**TASK**
Restate verbatim the span of lines below between the line with "by rewrite concat_l //;" and the line with "- by rewrite /rev_path subrr.", including those two lines, and only that span.

****************

(* A locally isometric immersion of R into the flat cylinder is a straight line, so the
   geodesics are the horizontal circles [y = y0] and the helices [x = c + k y] mod 1.
   Helices of different slopes meet at least twice, while a circle meets each helix once
   and no other circle; hence a geodesic-preserving bijection [f] maps circles to circles
   and helices to helices, and [f (x, y) = (chi x + s0 phi y, phi y)] mod 1.  For every
   slope [k], the image of the helix [x = k y] shows that [phi] carries the fibres of
   [y |-> k y] mod 1 to those of [Y |-> t Y] mod 1 for some [t]; this makes [phi] midpoint
   affine, hence [phi - phi 0] additive, and comparing two slopes makes it multiplicative
   up to scale, so [phi] is affine.  Finally [chi] induces an injective map of R/Z that
   is linear of slope [N] up to translation, which forces [N = 1] or [N = -1]. *)

From Stdlib Require Import Reals Lra Lia ZArith ProofIrrelevance Classical.
(* after Reals, whose [RiemannInt.c1] would otherwise shadow the cylinder coordinate [c1] *)
Open Scope R_scope.

Definition cong (x y : R) : Prop := exists n : Z, x - y = IZR n.

Lemma cong_refl x : cong x x.
Proof. exists 0%Z; simpl; ring. Qed.

Lemma cong_eq x y : x = y -> cong x y.
Proof. intros ->; apply cong_refl. Qed.

Lemma cong_sym x y : cong x y -> cong y x.
Proof. intros [n H]; exists (- n)%Z; rewrite opp_IZR; lra. Qed.

Lemma cong_trans x y z : cong x y -> cong y z -> cong x z.
Proof. intros [n H] [m H']; exists (n + m)%Z; rewrite plus_IZR; lra. Qed.

Lemma cong_add x y x' y' : cong x y -> cong x' y' -> cong (x + x') (y + y').
Proof. intros [n H] [m H']; exists (n + m)%Z; rewrite plus_IZR; lra. Qed.

Lemma cong_opp x y : cong x y -> cong (- x) (- y).
Proof. intros [n H]; exists (- n)%Z; rewrite opp_IZR; lra. Qed.

Lemma cong_sub x y x' y' : cong x y -> cong x' y' -> cong (x - x') (y - y').
Proof. intros; apply cong_add; auto using cong_opp. Qed.

Lemma cong_sign_mul N x y : N = 1 \/ N = -1 -> cong x y -> cong (N * x) (N * y).
Proof.
  intros [-> | ->] H; [rewrite !Rmult_1_l; exact H|].
  replace (-1 * x) with (- x) by ring; replace (-1 * y) with (- y) by ring.
  now apply cong_opp.
Qed.

Lemma cong_small x y : cong x y -> Rabs (x - y) < 1 -> x = y.
Proof.
  intros [n H] Ha. rewrite H in Ha. apply Rabs_def2 in Ha as [Hlt Hgt].
  apply (lt_IZR n 1) in Hlt. apply (lt_IZR (-1) n) in Hgt.
  assert (n = 0%Z) by lia. subst; simpl in H; lra.
Qed.
(* D(1) gives d_k = b_k (1 - c_k), so the adjoint weights
   d_k / b_k are the polynomial 1 - c_k.  Together with C(2) and D(2) this lets
   every inner sum over a stage index of the additional conditions be evaluated
   in closed form as a polynomial in the remaining nodes:
     sum_j a_ij c_j          = c_i^2 / 2                           (C(2))
     sum_i b_i c_i a_ik      = b_k (1 - c_k^2) / 2                 (D(2))
     sum_l d_l a_lk          = b_k (1 - c_k)^2 / 2                 (D(1), D(2))
     sum_k a_lk d_k / b_k    = c_l - c_l^2 / 2                     (C(1), C(2)).
   After at most two such contractions each condition becomes a single sum
   sum_k b_k p(c_k) with p of degree at most four, and the bushy-tree
   conditions sum_k b_k c_k^q = 1/(q+1), q <= 4, contained in the classical
   order conditions, evaluate it as the integral of p over [0, 1]. *)
From HB Require Import structures.
From mathcomp Require Import all_boot all_order all_algebra.
From mathcomp Require Import ring.
Set Implicit Arguments. Unset Strict Implicit. Unset Printing Implicit Defensive.
Import Order.TTheory GRing.Theory Num.Theory.
Local Open Scope ring_scope.

Lemma sum_factor (R : pzSemiRingType) (I : finType) (F G : I -> R) (x y : R) :
  \sum_(l : I) G l = y -> (forall l, F l = x * G l) -> \sum_(l : I) F l = x * y.
Proof. by move=> <- HF; rewrite mulr_sumr; apply: eq_bigr => l _. Qed.

Section QuarticQuadrature.
Variables (R : numFieldType) (s : nat) (w x : 'I_s -> R).

Hypothesis exact_monomials :
  forall q : nat, (q <= 4)%N -> \sum_(k < s) w k * x k ^+ q = q.+1%:R^-1.

Lemma quartic_quadrature (F : 'I_s -> R) (p0 p1 p2 p3 p4 r : R) :
  (forall k, F k = w k * (p0 + p1 * x k + p2 * x k ^+ 2 + p3 * x k ^+ 3
                           + p4 * x k ^+ 4)) ->
  r = p0 + p1 / 2 + p2 / 3 + p3 / 4 + p4 / 5 ->
  \sum_(k < s) F k = r.
Proof.
move=> HF ->; rewrite (eq_bigr _ (fun k _ => HF k)).
transitivity (p0 * \sum_(k < s) w k * x k ^+ 0 + p1 * \sum_(k < s) w k * x k ^+ 1
  + p2 * \sum_(k < s) w k * x k ^+ 2 + p3 * \sum_(k < s) w k * x k ^+ 3
  + p4 * \sum_(k < s) w k * x k ^+ 4).
  by rewrite !mulr_sumr -!big_split; apply: eq_bigr => k _ /=; ring.
by rewrite !exact_monomials //; field.
Qed.

End QuarticQuadrature.

Lemma classical_quadrature (R : realFieldType) (s : nat)
    (a : 'I_s -> 'I_s -> R) (b : 'I_s -> R) :
  rk_classical_order5 a b ->
  forall q : nat, (q <= 4)%N -> \sum_(k < s) b k * rk_c a k ^+ q = q.+1%:R^-1.
Proof.
move=> [m0 [m1 [m2 [_ [m3 [_ [_ [_ [m4 _]]]]]]]]].
case=> [|[|[|[|[|//]]]]] _.
- by under eq_bigr => k _ do rewrite expr0 mulr1; rewrite m0 invr1.
- by under eq_bigr => k _ do rewrite expr1; rewrite m1 div1r.
- by rewrite m2 div1r.
- by rewrite m3 div1r.
- by rewrite m4 div1r.
Qed.

Section AdditionalConditions.
Variables (R : realFieldType) (s : nat) (a : 'I_s -> 'I_s -> R) (b : 'I_s -> R).
Local Notation c := (rk_c a).
Local Notation d := (rk_d a b).

Hypothesis b_neq0 : forall k, b k != 0.
Hypothesis quadrature :
  forall q : nat, (q <= 4)%N -> \sum_(k < s) b k * c k ^+ q = q.+1%:R^-1.
Hypothesis C2 : rk_C a 2.
Hypothesis D2 : rk_D a b 2.

Lemma d_eq k : d k = b k * (1 - c k).
Proof.
have D1 := D2 (q := 1) erefl k; rewrite expr1 divr1 in D1.
by rewrite -D1; apply: eq_bigr => i _; rewrite expr0 mulr1.
Qed.
Lemma reflect_pair_block_diagonal (i j : nat) (c s : R) : i <> j ->
  forall x y, pair_label i j x <> pair_label i j y -> mat_el (reflect_pair i j c s) x y = RtoC 0.
Proof.
  intros Hij x y Hxy. unfold mat_el, pair_label, reflect_pair, ket in *.
  destruct (Nat.eqb_spec x j), (Nat.eqb_spec y j), (Nat.eqb_spec x i), (Nat.eqb_spec y i);
    subst; try lia;
    repeat match goal with |- context [?a =? ?b] => destruct (Nat.eqb_spec a b); try lia end;
    ring.
Qed.

Lemma Series_pair_block (w : nat -> R) (i j : nat) : i <> j ->
  Series (fun n => if pair_label i j n =? i then w n else 0) = w i + w j.
Proof.
  intros Hij. apply is_series_unique.
  apply (is_series_ext (fun n => plus (single i (w i) n) (single j (w j) n))).
  - intros n; change plus with Rplus; unfold single, pair_label.
    destruct (Nat.eqb_spec n i), (Nat.eqb_spec n j); subst; rewrite ?Nat.eqb_refl; try lia.
    + lra.
    + lra.
    + destruct (Nat.eqb_spec n i); [lia | lra].
  - exact (is_series_plus _ _ _ _ (is_series_single i (w i)) (is_series_single j (w j))).
Qed.

Lemma Series_singleton_block (w : nat -> R) (i j k : nat) : k <> i -> k <> j ->
  Series (fun n => if pair_label i j n =? k then w n else 0) = w k.
Proof.
  intros Hi Hj. apply is_series_unique.
  apply (is_series_ext (single k (w k))); [|apply is_series_single].
  intros n; unfold single, pair_label.
  destruct (Nat.eqb_spec n j); subst.
  - destruct (Nat.eqb_spec j k), (Nat.eqb_spec i k); lia || reflexivity.
  - destruct (Nat.eqb_spec n k); subst; reflexivity.
Qed.
(* Let $n\ge2$, $1\le k\le n-1$, $N=\binom n2$, and let $(s_t)_{t\in\mathbb Z}$ be the periodic extension of a uniformly random sorting network in $\Omega_n$. Let $\mathrm{Sp}_{k,n}=Y-X$ with $X=\max\{t\le0:s_t=k\}$, $Y=\min\{t>0:s_t=k\}$; let $\widehat{\mathrm{Sp}}_{k,n}$ have the conditional law of $\min\{t>0:s_t=k\}$ given $\{s_0=k\}$; let $\mathbf T_{FS,n}(k)=\min\{t\ge1:s_t=k\}$. Put $f'_1(L)=\mathbb P(\mathrm{Sp}_{k,n}=L)$, $f'_2(L)=\mathbb P(\widehat{\mathrm{Sp}}_{k,n}=L)$, $g'(L)=\mathbb P(\mathbf T_{FS,n}(k)=L)$, $\Delta g'(L)=g'(L+1)-g'(L)$, and $M=\mathbb P(s_1=k)=|\{\omega\in\Omega_n:s_1=k\}|/|\Omega_n|$. Then for all $L\ge1$, $$-\Delta g'(L)\cdot L=f'_1(L),\qquad -\Delta g'(L)=M\cdot f'_2(L).$$
   Context: $\tau_k=(k,k+1)\in\mathfrak S_n$. A sorting network of size $n$ is $(s_1,\dots,s_N)$, $s_i\in\{1,\dots,n-1\}$, with $\tau_{s_1}\cdots\tau_{s_N}=(n\ n-1\ \dots\ 2\ 1)$; $\Omega_n$ is the set of them, with the uniform measure. Its periodic extension is $(s_t)_{t\in\mathbb Z}$ with $s_{t+N}=n-s_t$ for all $t$ (a $2N$-periodic sequence). *)

From mathcomp Require Import all_boot all_order all_algebra.
Unset Printing Implicit Defensive.
Import Order.TTheory GRing.Theory Num.Theory.

Definition NN (n : nat) : nat := 'C(n, 2).

(* right multiplication of a word (one-line notation, 0-indexed positions)
   by the adjacent transposition tau_i = (i, i+1), i >= 1 (1-indexed values). *)
Definition tau_pos (i j : nat) : nat :=
  if j == i.-1 then i else if j == i then i.-1 else j.
Definition swap_adj (l : seq nat) (i : nat) : seq nat :=
  [seq nth 0 l (tau_pos i j) | j <- iota 0 (size l)].

Definition word_of (n : nat) (s : seq nat) : seq nat :=
  foldl swap_adj (iota 1 n) s.

(* candidate words: N-tuples with entries in {0,..,n-1}; sorting networks
   additionally have entries >= 1 and product equal to the reversal n n-1 ... 1 *)
Definition is_sorting_network (n : nat) (w : (NN n).-tuple 'I_n) : bool :=
  all (fun i : 'I_n => 0 < i) w &&
  (word_of n [seq val i | i <- w] == rev (iota 1 n)).

Definition Omega (n : nat) : {set (NN n).-tuple 'I_n} :=
  [set w | is_sorting_network n w].
Lemma ccontinuous_concat h k :
  ccontinuous h -> ccontinuous k -> ccontinuous (concat h k).
Proof.
move=> ch ck; apply: ccontinuousD; last exact: ccontinuous_cst.
apply: ccontinuousD.
- apply: (ccontinuous_reparam (l := 2)) ch => // s t.
  by apply: le_trans (min_lipschitz _ _ _) _; rewrite -mulrBr normrM ger0_norm.
- apply: (ccontinuous_reparam (l := 2)) ck => // s t.
  apply: le_trans (max_lipschitz _ _ _) _.
  by rewrite opprB addrA subrK -mulrBr normrM ger0_norm.
Qed.

Definition rev_path h (t : R) : Cx := h (1 - t).

Lemma ccontinuous_rev h : ccontinuous h -> ccontinuous (rev_path h).
Proof.
apply: (ccontinuous_reparam (l := 1)) => // s t.
have -> : 1 - s - (1 - t) = t - s by ring.
by rewrite mul1r distrC.
Qed.

Definition seg a b (t : R) : Cx := a + rC t * (b - a).

Lemma seg0 a b : seg a b 0 = a.
Proof. by rewrite /seg (_ : rC 0 = 0) // mul0r addr0. Qed.

Lemma seg1 a b : seg a b 1 = b.
Proof. by rewrite /seg (_ : rC 1 = 1) // mul1r addrC subrK. Qed.

Lemma seg_sub a b c (t : R) :
  seg a b t - c = rC (1 - t) * (a - c) + rC t * (b - c).
Proof. by rewrite -rCB (_ : rC 1 = 1) // /seg; ring. Qed.

Lemma ccontinuous_seg a b : ccontinuous (seg a b).
Proof.
apply: (ccontinuous_lipschitz (l := 1) (phi := +%R a)); last exact: ccontinuous_rC.
by move=> u v; rewrite mul1r opprD addrACA subrr add0r.
Qed.

Definition is_path B h a b := [/\ ccontinuous h, h 0 = a, h 1 = b &
  forall t, 0 <= t <= 1 -> B (h t)].

Lemma is_path_concat B h k a b c :
  is_path B h a b -> is_path B k b c -> is_path B (concat h k) a c.
Proof.
move=> [ch h0 h1 hB] [ck k0 k1 kB]; have hk : h 1 = k 0 by rewrite h1 k0.
split; first exact: ccontinuous_concat.
- by rewrite concat_l // mulr0.
- by rewrite concat1.
move=> t /andP[t0 t1]; case: (lerP t (1 / 2)) => t2.
  by rewrite concat_l //; apply: hB; apply/andP; split; lra.
by rewrite concat_r ?(ltW t2) //; apply: kB; apply/andP; split; lra.
Qed.

Lemma is_path_rev B h a b : is_path B h a b -> is_path B (rev_path h) b a.
Proof.
move=> [ch h0 h1 hB]; split; first exact: ccontinuous_rev.
- by rewrite /rev_path subr0.
- by rewrite /rev_path subrr.
by move=> t /andP[t0 t1]; apply: hB; apply/andP; split; lra.
Qed.

Lemma is_path_sub B B' h a b : B `<=` B' -> is_path B h a b -> is_path B' h a b.
Proof. by move=> BB' [ch h0 h1 hB]; split => // t /hB /BB'. Qed.

Lemma is_path_comp B B' (phi : Cx -> Cx) (l : R) h a b :
  (forall u v, cabs (phi u - phi v) <= l * cabs (u - v)) ->
  (forall w, B w -> B' (phi w)) ->
  is_path B h a b -> is_path B' (phi \o h) (phi a) (phi b).
Proof.
move=> phiL BB' [ch h0 h1 hB]; split => /=; [|by rewrite h0|by rewrite h1|].
  exact: ccontinuous_lipschitz phiL ch.
by move=> t /hB /BB'.
Qed.

Lemma path_connected_of_hub B c :
  (forall x, B x -> exists h, is_path B h c x) -> path_connected B.
Proof.
move=> hub x y /hub[h hx] /hub[k ky].
have [cg g0 g1 gB] := is_path_concat (is_path_rev hx) ky.
exists (concat (rev_path h) k); split; last by split=> // t; rewrite /= in_itv; apply: gB.
exact/continuous_subspaceT/ccontinuous_continuous.
Qed.

Definition close_on (M : R) h k := forall t, 0 <= t <= 1 -> cabs (h t - k t) <= M.

Lemma close_on_concat M h h' k k' : h 1 = h' 0 -> k 1 = k' 0 ->
  close_on M h k -> close_on M h' k' -> close_on M (concat h h') (concat k k').
Proof.
move=> hh kk hk hk' t /andP[t0 t1]; case: (lerP t (1 / 2)) => t2.
  by rewrite !concat_l //; apply: hk; apply/andP; split; lra.
by rewrite !concat_r ?(ltW t2) //; apply: hk'; apply/andP; split; lra.
Qed.

Lemma close_on_rev M h k : close_on M h k -> close_on M (rev_path h) (rev_path k).
Proof. by move=> hk t /andP[t0 t1]; apply: hk; apply/andP; split; lra. Qed.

****************

**OUTPUT**
  by rewrite concat_l //; apply: hB; apply/andP; split; lra.
by rewrite concat_r ?(ltW t2) //; apply: kB; apply/andP; split; lra.
Qed.

Lemma is_path_rev B h a b : is_path B h a b -> is_path B (rev_path h) b a.
Proof.
move=> [ch h0 h1 hB]; split; first exact: ccontinuous_rev.
- by rewrite /rev_path subr0.
- by rewrite /rev_path subrr.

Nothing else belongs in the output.